I got it today. Fast shipping, good price, and easy installation. I can't wait to test it out but like tduro said, even if it bends I can bend it back so I don't see a problem.


----------



## kapusta (Jan 17, 2004)

Harolev said:


> So after bashing the hell outta my big ring today I decided I want to get a bashguard. Are these any good? http://www.bbgbashguard.com/Mountainbike.html
> I don't see how I can wrong with one and since they're so much cheaper than any others out there I think im gonna try it out.
> 
> So, can anyone tell me what size to get for my 08 Gary Fisher Piranha with Shimano FC-M428, 44s/32s/22s crank?
> ...


I got one for my wife's mountain bike and one for a commuter. They are nothing fancy and the cut-outs are imperfect if you look closely, but for the price they can't be beat. I'd gladly buy one again for a real trail bike. I don't think they will take the abuse that my Race Face ring could, but again, for the price I would not complain.


----------



## SoylentOrange (Jun 27, 2007)

I got a BBG bashguard today. It's well built for the amount I paid. Shipping was quick to Canada. I had a slight issue with my order and the owner was in contact within the hour. Highly recommended! :thumbsup:


----------



## Psycho Mike (Apr 2, 2006)

There are several bash guards out there that will let you keep a 3 ring front set-up. 

I used an eNVy ring thing (lighter duty, but not bad for XC work) for about a year before I upgraded to Purely Custom's 3ring bash. The Purely Customs one is nice as you don't actually have to remove any of the rings to add it...you can replace one ring-bolt at a time and then just bolt the bash into their chainring bolts.


----------



## guyplaysbass (Jul 12, 2004)

*BBG works for me!*

I've been running one for a number of years now and have never had a single issue. I've ridden everything from the Capitol Forest in WA, Post Canyon in Hood River OR, Blackrock in Falls City OR, and even Northstar at Tahoe and the thing has sustained numerous hits and never bent or failed. I know the owner, Erin, on a personal level and can vouch not only for his products but for him as well. He's a solid dude. He still runs the prototype (made from an old stop sign) on his trail bike and it's still going strong (5-6 years now I believe). About the only thing I could ever see as being an issue would be if you were to put one on an Urban, Trials, or DH bike. Might want something thicker for that as it wouldn't hold up for long with that kind of abuse.


----------



## Stevirey (Jul 16, 2005)

*BBG Bash*

I'm just waiting for for Erin to make one that covers a a 38 tooth.And maybe a little thicker.Just a little thicker.


----------



## kimbroughhg (Apr 29, 2011)

Resist said:


> So if you want a bashguard you have to give up one of the ring gears? Don't they make ones that you don't have to do this?

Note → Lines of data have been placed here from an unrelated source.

(* Let $\mathbb{K}\in\{\mathbb{R},\mathbb{C}\}$. Suppose $U=[U_1\ \cdots\ U_M]$, where each $U_i$ is a submatrix whose columns come from $S_i$, with $S_1,\dots,S_M$ independent subspaces of $\mathbb{K}^m$, and the columns of $U_i$ are generic for $S_i$. Suppose $P\in\mathbb{K}^{r\times m}$ with $r\ge\operatorname{rank}(U)$ is a row selection matrix such that $\operatorname{rank}(PU)=\operatorname{rank}(U)$. Then the subspaces $P(S_1),\dots,P(S_M)$ are independent.
   Context: Subspaces $S_1,\dots,S_M$ are independent if $\dim(S_1+\dots+S_M)=\dim S_1+\dots+\dim S_M$ (and this is at most the ambient dimension). A set of vectors from a $d$-dimensional subspace $S$ is generic if it has more than $d$ elements and every $d$ of them form a basis of $S$. A row selection matrix is a matrix whose rows are distinct standard basis row vectors, so that $PU$ consists of a subset of the rows of $U$. *)

From HB Require Import structures.
From mathcomp Require Import all_boot all_order all_algebra.
Set Implicit Arguments. Unset Strict Implicit. Unset Printing Implicit Defensive.
Import GRing.Theory.
Local Open Scope ring_scope.

(* Convention: a subspace of K^n is represented (as in mxalgebra) by the row
   space of a matrix with n columns; a vector of K^n is a row vector 'rV_n.
   The columns of a matrix U are the vectors (col j U)^T. *)

Definition subspaces_independent (K : fieldType) (M p n : nat)
  (S : 'I_M -> 'M[K]_(p, n)) : Prop :=
  \rank (\sum_(i < M) <<S i>>)%MS = (\sum_(i < M) \rank (S i))%N.

Definition generic_cols (K : fieldType) (m k : nat)
  (A : 'M[K]_(m, k)) (S : 'M[K]_m) : Prop :=
  [/\ forall j : 'I_k, ((col j A)^T <= S)%MS,
      (\rank S < k)%N &
      forall f : 'I_(\rank S) -> 'I_k, injective f ->
        (((colsub f A)^T == S)%MS && row_free (colsub f A)^T)].

Definition row_selection (K : fieldType) (r m : nat) (P : 'M[K]_(r, m)) : Prop :=
  (forall i : 'I_r, exists j : 'I_m, row i P = delta_mx 0 j) /\
  injective (fun i : 'I_r => row i P).

From HB Require Import structures.
From mathcomp Require Import all_boot all_order all_algebra.
Import GRing.Theory.
Local Open Scope ring_scope.

(* Genericity is only used to see that the columns of U_i span S_i, so that
   the columns of U span S_1 + ... + S_M.  Then rank (P U) = rank U says that
   P is injective on this sum; an injective linear map preserves the dimension
   of the sum, and since dim P(S_i) <= dim S_i always, the dimension count
   dim (P S_1 + ... + P S_M) = sum_i dim P(S_i) is forced. *)

Section IndependentImages.

Variable K : fieldType.

Lemma generic_cols_eqmx (m k : nat) (A : 'M[K]_(m, k)) (S : 'M[K]_m) :
  generic_cols A S -> (A^T :=: S)%MS.
Proof.
case=> A_sub_S rankS_lt_k basis_of_cols; apply/eqmxP/andP; split.
  by apply/row_subP => j; rewrite -tr_col.
pose f := widen_ord (ltnW rankS_lt_k).
have inj_f : injective f by move=> a b /(congr1 val) ab; apply: val_inj.
have /andP[/andP[_ S_sub] _] := basis_of_cols f inj_f.
apply: submx_trans S_sub _.
have -> : (colsub f A)^T = rowsub f A^T by apply/matrixP => i j; rewrite !mxE.
exact: rowsub_sub.
Qed.

Lemma mxrank_sum_genmx_leq (M p n : nat) (A : 'I_M -> 'M[K]_(p, n)) :
  (\rank (\sum_(i < M) <<A i>>)%MS <= \sum_(i < M) \rank (A i))%N.
Proof.
under [X in (_ <= X)%N]eq_bigr do rewrite -genmxE.
exact: (mxrank_sum_leqif _).1.
Qed.

Lemma tr_mxrow_eqmx_sum (M m : nat) (n : 'I_M -> nat)
    (U : forall i, 'M[K]_(m, n i)) (S : 'I_M -> 'M[K]_m) :
    (forall i, ((U i)^T :=: S i)%MS) ->
  ((\mxrow_(i < M) U i)^T :=: \sum_(i < M) <<S i>>)%MS.
Proof.
move=> US; rewrite tr_mxrow; apply: eqmx_trans (eqmx_col _) _.
under eq_bigr do rewrite (eq_genmx (US _)).
exact: eqmx_refl.
Qed.

Lemma subspaces_independent_mulmx (M p n q : nat) (S : 'I_M -> 'M[K]_(p, n))
    (B : 'M[K]_(n, q)) :
    subspaces_independent S ->
    \rank ((\sum_(i < M) <<S i>>)%MS *m B) = \rank (\sum_(i < M) <<S i>>)%MS ->
  subspaces_independent (fun i => S i *m B).
Proof.
rewrite /subspaces_independent => indS rank_sumSB.
have sum_imageE : (\sum_(i < M) <<S i *m B>> :=:
                   (\sum_(i < M) <<S i>>)%MS *m B)%MS.
  apply: eqmx_sym; apply: eqmx_trans (sumsmxMr_gen _ _ _) _.
  apply: eqmx_sums => i _; rewrite (eq_genmx (eqmxMr B (genmxE (S i)))).
  exact: eqmx_refl.
apply/eqP; rewrite eqn_leq mxrank_sum_genmx_leq /=.
rewrite sum_imageE rank_sumSB indS.
by apply: leq_sum => i _; apply: mxrankM_maxl.
Qed.

End IndependentImages.

Theorem lemma3 (K : fieldType) (m M r : nat) (S : 'I_M -> 'M[K]_m)
  (n : 'I_M -> nat) (Ui : forall i : 'I_M, 'M[K]_(m, n i))
  (P : 'M[K]_(r, m)) :
  subspaces_independent S ->
  (forall i : 'I_M, generic_cols (Ui i) (S i)) ->
  row_selection P ->
  (\rank (\mxrow_(i < M) Ui i) <= r)%N ->
  \rank (P *m \mxrow_(i < M) Ui i) = \rank (\mxrow_(i < M) Ui i) ->
  subspaces_independent (fun i : 'I_M => S i *m P^T).
Proof.
move=> indS genU _ _ rankPU.
set U := \mxrow_(i < M) Ui i in rankPU.
have UE : (U^T :=: \sum_(i < M) <<S i>>)%MS.
  by apply: tr_mxrow_eqmx_sum => i; apply: generic_cols_eqmx.
apply: subspaces_independent_mulmx => //.
by rewrite -(eqmxMr _ UE) -UE -trmx_mul !mxrank_tr.
Qed.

BBG makes a model that goes up to 42 or 44 teeth. blackspire makes one as someone said but it is 1/2 inch of solid aluminium and wieghs literally 1/2 lb. also think about this, it attaches to your crank so the stress goes to your crankarm. can your crankarm take more pressure than a 1/2 of solid aluminium? go with the BBG, it will bend before your crankarm, saving alot of money also the BBG is less than $20 the Black Spire is over $80


----------



## kan3 (Nov 11, 2009)

Last post was over 2 years ago


----------



## kimbroughhg (Apr 29, 2011)

i should really check that more often


----------